Input for this task:
- Opening Delimiter -
Lemma alpha_natural (X X' Y Y' Z Z' : SetOver C)
    (f : Hom X X') (g : Hom Y Y') (h : Hom Z Z') :
  heq (cmpH (alpha X' Y' Z') (tensH (tensH f g) h))
      (cmpH (tensH f (tensH g h)) (alpha X Y Z)).
Proof.
move=> e; apply: tens_el_ext => //= j1 j2 jj.
apply: tens_el_ext => /= [||l1 l2 ll]; first by rewrite jj.
  by congr (g _); apply: ord_congr.
by congr (h _); apply: ord_congr => /=; rewrite ll jj.
Qed.

Lemma lam_natural (X X' : SetOver C) (f : Hom X X') :
  heq (cmpH (lam X') (tensH (idH U) f)) (cmpH f (lam X)).
Proof. by move=> e /=; congr (f _); apply: ord_congr. Qed.

Lemma rho_natural (X X' : SetOver C) (f : Hom X X') :
  heq (cmpH (rho X') f) (cmpH (tensH f (idH U)) (rho X)).
Proof.
move=> x; apply: tens_el_ext => /= [|//|i1 i2 ii]; first by rewrite hbd.
by apply: unit_eq => /=; rewrite ii hbd.
Qed.

Lemma lam_rho : heq (cmpH (lam U) (rho U)) (idH U).
Proof.
move=> [u triv_u]; apply: unit_eq => /=; case: triv_u => _ fib_u _.
by rewrite fib_u ?(dom_id HC) ?(cod_id HC).
Qed.

Lemma lam_alpha (X Y : SetOver C) :
  heq (cmpH (lam (tens X Y)) (alpha U X Y)) (tensH (lam X) (idH Y)).
Proof.
move=> e; have [_ _ fibm_u] := trivial_cod_unit (t_x e).
have psi_to0 k : k < card (dom (t_arr (t_x e))) -> cardf (t_arr (t_x e)) k = 0.
  by move/(cardf_bound HC); rewrite card_cod_unit; case: cardf.
apply: tens_el_ext => /= [||l1 l2 ll].
- exact: fibm_u _ _ erefl (tens_composable e).
- exact: ord_congr.
have ltl : l1 < card (dom (t_arr (t_x e))) by rewrite ll -(tens_composable e).
by apply: ord_congr => /=; rewrite fibre_const // nth_iota // ll.
Qed.

Lemma alpha_rho (X Y : SetOver C) :
  heq (cmpH (alpha X Y U) (rho (tens X Y))) (tensH (idH X) (rho Y)).
Proof.
move=> e; set psi := t_arr e.
have id_psi : cod (idA (dom psi)) = dom psi := cod_id HC _.
apply: tens_el_ext => /= [|//|j1 j2 jj]; first exact: (cmp_idr HC).
have ltj : j1 < card (cod psi) by rewrite jj.
apply: tens_el_ext => /= [||l1 l2 ll].
- by rewrite (fibm_id HC ltj) (t_ybd e j2) jj.
- exact: ord_congr.
have ltl : l1 < size (fibre (cardf psi) (card (dom psi)) j1).
  by rewrite -(card_cod_fibm HC id_psi ltj).
apply: unit_eq => /=; rewrite -ll; move: (nat_of_ord l1) ltl => l ltl.
by rewrite (double_slice_ob_nth HC id_psi ltj ltl) (fibm_id HC ltj) (t_ybd e j2) jj.
Qed.

Lemma lam_alpha_rho (X Y : SetOver C) :
  heq (cmpH (tensH (idH X) (lam Y)) (cmpH (alpha X U Y) (tensH (rho X) (idH Y))))
      (idH (tens X Y)).
Proof.
move=> e; apply: tens_el_ext => /= [|//|j1 j2 jj].
  by rewrite (t_xbd e) (cmp_idl HC).
have ltj : j1 < card (bd (t_x e)) by rewrite jj (t_xbd e).
apply: ord_congr => /=; rewrite -jj; move: (nat_of_ord j1) ltj => j ltj.
by rewrite (dom_id HC) fibre_id // => k; apply: (cardf_id HC).
Qed.

Lemma pentagon (W X Y Z : SetOver C) :
  heq (cmpH (tensH (idH W) (alpha X Y Z))
            (cmpH (alpha W (tens X Y) Z) (tensH (alpha W X Y) (idH Z))))
      (cmpH (alpha W X (tens Y Z)) (alpha (tens W X) Y Z)).
Proof.
move=> e.
set theta := t_arr e; set phi := t_arr (t_x e); set psi := t_arr (t_x (t_x e)).
have theta_phi : cod theta = dom phi := tens_composable e.
have phi_psi : cod phi = dom psi := tens_composable (t_x e).
have phitheta_psi : cod (cmp phi theta) = dom psi by rewrite (cod_cmp HC).
apply: tens_el_ext => /= [|//|j1 j2 jj]; first by rewrite (cmpA HC).
have ltj : j1 < card (cod psi) by rewrite jj -(cod_cmp HC phitheta_psi).
apply: tens_el_ext => /= [||m1 m2 mm].
- by rewrite -jj (fibm_cmp HC theta_phi phi_psi ltj).
- exact: ord_congr.
have ltm : m1 < size (fibre (cardf psi) (card (dom psi)) j1).
  by rewrite mm -(card_cod_fibm HC phitheta_psi ltj) jj.
apply: tens_el_ext => /= [||n1 n2 nn].
- by rewrite -mm -jj (double_slice_mor_nth HC theta_phi phi_psi ltj ltm).
- by apply: ord_congr; rewrite /= -mm -jj.
have comp_j := fibm_composable HC theta_phi phi_psi ltj.
have ltn : n1 < size (fibre (cardf (fibm phi psi j1))
                            (card (dom (fibm phi psi j1))) m1).
  by rewrite -(card_cod_fibm HC comp_j) // (card_cod_fibm HC phi_psi ltj).
apply: ord_congr => /=; rewrite -nn -mm -jj (dom_cmp HC phi_psi).
by rewrite (nth_fibre_fibm HC phi_psi ltj ltm ltn).
Qed.

End SkewMonoidalAxioms.

Theorem theorem3p4 (C : opdata) (HC : is_opcat C) :
  exists (alpha : forall X Y Z : SetOver C,
                    Hom (tens (tens X Y) Z) (tens X (tens Y Z)))
         (lam : forall X : SetOver C, Hom (tens (Uob C) X) X)
         (rho : forall X : SetOver C, Hom X (tens X (Uob C))),
    [/\ alpha_formula alpha, lam_formula lam, rho_formula rho &
        skew_monoidal alpha lam rho].
Proof.
exists (alpha HC), (@lam C), (rho HC); split.
- exact: alphaE.
- exact: lamE.
- exact: rhoE.
do !split.
- exact: tensH_id.
- exact: tensH_comp.
- exact: alpha_natural.
- exact: lam_natural.
- exact: rho_natural.
- exact: lam_rho.
- exact: lam_alpha.
- exact: alpha_rho.
- exact: lam_alpha_rho.
- exact: pentagon.
Qed.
- Closing Delimiter -
Your assignment: Quote the records above exactly, from the first line through the line containing "have psi_to0 k", and nothing more.

Expected answer:
Lemma alpha_natural (X X' Y Y' Z Z' : SetOver C)
    (f : Hom X X') (g : Hom Y Y') (h : Hom Z Z') :
  heq (cmpH (alpha X' Y' Z') (tensH (tensH f g) h))
      (cmpH (tensH f (tensH g h)) (alpha X Y Z)).
Proof.
move=> e; apply: tens_el_ext => //= j1 j2 jj.
apply: tens_el_ext => /= [||l1 l2 ll]; first by rewrite jj.
  by congr (g _); apply: ord_congr.
by congr (h _); apply: ord_congr => /=; rewrite ll jj.
Qed.

Lemma lam_natural (X X' : SetOver C) (f : Hom X X') :
  heq (cmpH (lam X') (tensH (idH U) f)) (cmpH f (lam X)).
Proof. by move=> e /=; congr (f _); apply: ord_congr. Qed.

Lemma rho_natural (X X' : SetOver C) (f : Hom X X') :
  heq (cmpH (rho X') f) (cmpH (tensH f (idH U)) (rho X)).
Proof.
move=> x; apply: tens_el_ext => /= [|//|i1 i2 ii]; first by rewrite hbd.
by apply: unit_eq => /=; rewrite ii hbd.
Qed.

Lemma lam_rho : heq (cmpH (lam U) (rho U)) (idH U).
Proof.
move=> [u triv_u]; apply: unit_eq => /=; case: triv_u => _ fib_u _.
by rewrite fib_u ?(dom_id HC) ?(cod_id HC).
Qed.

Lemma lam_alpha (X Y : SetOver C) :
  heq (cmpH (lam (tens X Y)) (alpha U X Y)) (tensH (lam X) (idH Y)).
Proof.
move=> e; have [_ _ fibm_u] := trivial_cod_unit (t_x e).
have psi_to0 k : k < card (dom (t_arr (t_x e))) -> cardf (t_arr (t_x e)) k = 0.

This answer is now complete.